We are investigating how mutations in GOSR2 - a Golgi t-SNARE fundamentally required for ER-Golgi trafficking in the secretory pathway - cause a devastating neurological disorder, Progressive Myoclonus Epilepsy (PME). GOSR2-PME is characterised by myoclonus, ataxia and tonic-clonic seizures. Symptoms begin early in life and increase in severity with time, such that patients often die between the ages of 20-40 years old. The secretory pathway is universally required for transport and secretion of proteins, lipids and complex carbohydrates. Paradoxically, mutations in GOSR2 cause a relatively selective neuronal phenotype, yet the mechanisms by which GOSR2 mutations impact neuronal development and/or circuit function in PME are unclear. To address this, we have developed novel Drosophila models of GOSR2-PME. We have found that PME-linked mutations in the Drosophila orthologue of GOSR2 (membrin) result in profound changes in organismal development and synaptic morphology. PME-mutant Drosophila larvae exhibit reduced locomotion and pharate adults are unable to successfully eclose from the pupal case, likely due to motor defects. At the Drosophila neuromuscular junction, we observe significant synaptic retraction and abnormal morphology of presynaptic boutons, coupled with alterations in the presynaptic cytoskeleton. These neurodevelopmental alterations are intriguing, since GOSR2-PME patients exhibit signs of sensory neuronopathy and motorneuron denervation. Our Drosophila model will now provide a platform to dissect the molecular basis of these alterations in synaptic development, and significantly enhance our understanding of PME pathophysiology.

The underlying goal of this proposal is to further our understanding of the molecular and cellular mechanisms underlying Progressive Myoclonus Epilepsy (PME), particularly PME linked to mutations in the Golgi t-SNARE GOSR2. In addition to direct benefits to the scientific community, this project holds promise of long-term benefits for PME patients.

While rare, PME is a truly devastating syndrome.
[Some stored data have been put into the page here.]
Lemma net_use_balance (x : E * bool) (p : seq (E * bool)) (v : V) :
  path residual_step x p ->
  \sum_(e in fiber head v) net_use (x :: p) e -
  \sum_(e in fiber tail v) net_use (x :: p) e =
  (arc_tgt (last x p) == v)%:R - (arc_src x == v)%:R.
Proof.
move=> px; rewrite !sum_net_use -sumrB.
rewrite (eq_bigr (fun z => (arc_tgt z == v)%:R - (arc_src z == v)%:R)) => [|z _].
  by apply: sum_path_telescope px => y z /and3P [/eqP -> _ _].
rewrite /forward_in /backward_in /arc_tgt /arc_src !inE.
case: z.2; case: (head z.1 == v); case: (tail z.1 == v).
all: by rewrite /= ?mulr0n ?mulr1n; lra.
Qed.

Lemma net_use_tight_in (x : E * bool) (p : seq (E * bool)) (v : V) (A : {set E}) :
  path residual_step x p -> arrives (last x p) -> tight_at head v A ->
  \sum_(e in A) net_use (x :: p) e <= 0.
Proof.
move=> px ar tA; rewrite sum_net_use.
apply: (sum_matched_forward _ (F := forward_in A) (B := backward_in A)) px _ => [y z|].
  case/and3P=> _ _; case: y => e [] //= + /andP [_ eA]; have tA' := tight_at_mem tA eA.
  case: z => e' [] /=.
    by case/andP=> se _; move: (slack_tight se tA'); rewrite eA.
  by move=> dep; rewrite /backward_in /= (mem_dep_set dep tA' eA).
move: ar; rewrite /arrives /usable /forward_in; case: (last x p) => e [] //= se.
by apply/negP => eA; move: (slack_tight se (tight_at_mem tA eA)); rewrite eA.
Qed.

Lemma net_use_tight_out (x : E * bool) (p : seq (E * bool)) (v : V) (A : {set E}) :
  path residual_step x p -> departs x -> tight_at tail v A ->
  \sum_(e in A) net_use (x :: p) e <= 0.
Proof.
move=> px dx tA; rewrite sum_net_use.
apply: (sum_matched_backward _ (F := forward_in A) (B := backward_in A)) px _ => [y z|].
  case/and3P=> _ _; case: z => e [] //= + /andP [_ eA]; have tA' := tight_at_mem tA eA.
  case: y => e' [] /=.
    by case/andP=> _ se; move: (slack_tight se tA'); rewrite eA.
  by move=> dep; rewrite /backward_in /= (mem_dep_set dep tA' eA).
move: dx; rewrite /departs /usable /forward_in; case: x => e [] //= se.
by apply/negP => eA; move: (slack_tight se (tight_at_mem tA eA)); rewrite eA.
Qed.

Lemma net_use_neg (x : E * bool) (p : seq (E * bool)) (e : E) :
  path residual_step x p -> usable x -> net_use (x :: p) e < 0 -> 0 < phi e.
Proof.
move=> px ux; apply: contraTT; rewrite -!leNgt => pe.
rewrite /net_use big_seq; apply: sumr_ge0 => z zp; case: eqP => // ze.
move/allP: (path_usable px ux) => /(_ z zp).
by rewrite /usable ze ltNge pe orbF /arc_sign => ->.
Qed.

Lemma augment : s != t -> augmenting ->
  exists2 phi' : E -> R,
    is_polymatroidal_flow tail head f s t phi' & value phi < value phi'.
Proof.
move=> st /existsP [z /and3P [/eqP tz az /existsP [x /and3P [/eqP sx dx]]]].
case/connectP=> p px zl; set d := net_use (x :: p).
have ux : usable x by case/andP: dx.
have [eps eps_gt0 [phi'_ge0 phi'_cap]] :=
  perturb_feasible f phi_ge0 (fun e => net_use_neg (e := e) px ux).
have sumD (A : {set E}) : \sum_(e in A) (phi e + eps * d e) =
    \sum_(e in A) phi e + eps * \sum_(e in A) d e.
  by rewrite big_split mulr_sumr.
have balance v : \sum_(e in fiber head v) d e - \sum_(e in fiber tail v) d e =
    (t == v)%:R - (s == v)%:R.
  by rewrite net_use_balance // -zl tz sx.
exists (fun e => phi e + eps * d e); first split=> //= [v vs vt|v A sA|v A sA].
- have [_ conserve _ _] := flow_phi; rewrite !sumD conserve //; congr (_ + eps * _).
  by apply/eqP; rewrite -subr_eq0 balance ![_ == v]eq_sym (negbTE vs) (negbTE vt) subrr.
- apply: (phi'_cap _ (@cap_in v A sA)) => sumA.
  apply: (net_use_tight_in px); first by rewrite -zl.
  by rewrite /tight sumA eqxx andbT; exact: sA.
- apply: (phi'_cap _ (@cap_out v A sA)) => sumA.
  apply: (net_use_tight_out px dx).
  by rewrite /tight sumA eqxx andbT; exact: sA.
rewrite /flow_value !sumD opprD addrACA -mulrBr ltrDl.
have : \sum_(e in fiber tail s) d e - \sum_(e in fiber head s) d e = 1.
  by rewrite -opprB balance eqxx eq_sym (negbTE st) /= sub0r opprK.
by move=> ->; rewrite mulr1.
Qed.

End Residual.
Severe myoclonus and ataxia are often observed early in patient life (as young as 2 years of age), and early mortality is common. Several genes have been linked to PME, yet for the majority it is still unclear how mutations in these loci result in nervous system dysfunction. The acquisition of such knowledge is a fundamental prerequisite for the development of a therapeutic strategy for PME, since this disorder is highly drug resistant and currently untreatable.
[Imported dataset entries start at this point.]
(* Fix a mobile user $k$, a frame length $T\in\mathbb{N}$, $T\ge 1$, a threshold $\varepsilon\in[0,1]$ and a request probability $\lambda_k\in[0,1]$. For every frame index $q\in\{0,1,2,\ldots\}$, with $\mathcal{T}_q=\{qT,qT+1,\ldots,(q+1)T-1\}$ and $$\Delta\mathcal{L}_k[qT]=\mathbb{E}\left\{\tfrac12 (Y_k[qT+T])^2-\tfrac12 (Y_k[qT])^2 \,\Big|\, Y_k[qT]\right\},$$ we have $$\Delta \mathcal{L}_k[qT]\leq B_{k,2}T+\mathbb{E}\left\{Y_k[qT]\sum_{n\in\mathcal{T}_q}\left(X_k[n]-\varepsilon \right)\,\Big|\, Y_k[qT] \right\},$$ where $B_{k,2}\triangleq \tfrac12(\lambda_k+\varepsilon^2)+\tfrac12(T-1)\left[(1-\varepsilon)\lambda_k+\varepsilon^2\right]$.
   Context: Time is slotted, $n=0,1,2,\ldots$. In each slot $n$, mobile user $k$ issues a digital-twin synchronization request indicated by $a_k[n]\in\{0,1\}$; the $a_k[n]$ are i.i.d. over slots with $\Pr(a_k[n]=1)=\lambda_k$, and $a_k[n]$ is independent of everything that happened before slot $n$ (in particular, for $n\ge qT$, $a_k[n]$ is independent of $Y_k[qT]$). The synchronization failure indicator $X_k[n]\in\{0,1\}$ equals $1$ only if a request is made and it fails (the twin is migrating during slot $n$, or the synchronization delay exceeds its deadline), so in particular $X_k[n]\le a_k[n]$. The virtual queue is defined by $Y_k[0]=0$ and $Y_k[n+1]=\max\{Y_k[n]+X_k[n]-\varepsilon,\,0\}$. *)

From HB Require Import structures.
From mathcomp Require Import all_boot all_order all_algebra.
From mathcomp Require Import all_classical all_reals all_analysis.
Set Implicit Arguments. Unset Strict Implicit. Unset Printing Implicit Defensive.
Import Order.TTheory GRing.Theory Num.Theory.
Local Open Scope classical_set_scope.
Local Open Scope ring_scope.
Given the severity of patient symptoms and the frequent early mortality observed in patient cohorts, expanding the number of in vivo models of PME is an essential step in this process. The fruit fly, Drosophila, represents an ideal organism to model PME, given the presence of strong homologues of the majority of PME-linked loci in the Drosophila genome and the wealth of genetic tools available for gene manipulation. Currently, only one PME model has been developed in Drosophila, focused on the planar cell polarity gene prickle. We note that synaptic development has not been investigated in this model. Thus, our data represents the first investigation of how a PME gene impacts the development of motorneurons. This is particularly relevant given that motorneuron denervation has been documented in patients with GOSR2-PME.

Our study will provide several new PME-linked tools to the community of Drosophila researchers, particularly transgenes encoding wild-type and PME-mutant isoforms of Drosophila Membrin and human GOSR2. These fly lines will help to expand the range of possible future studies in Drosophila involving PME. The neurodevelopmental alterations we have identified in our PME model will help to guide future research, with the aim of uncovering the molecular mechanisms underlying GOSR2-PME, and potentially other PME subtypes.

Finally, the post-doctoral researcher will gain advanced knowledge of electrophysiological recordings at the Drosophila larval NMJ, immuno-fluorescent microscopy, and Drosophila genetics. Since there is a high demand for skilled electrophysiologists, we anticipate that the techniques acquired during this project will significantly help their future job prospects.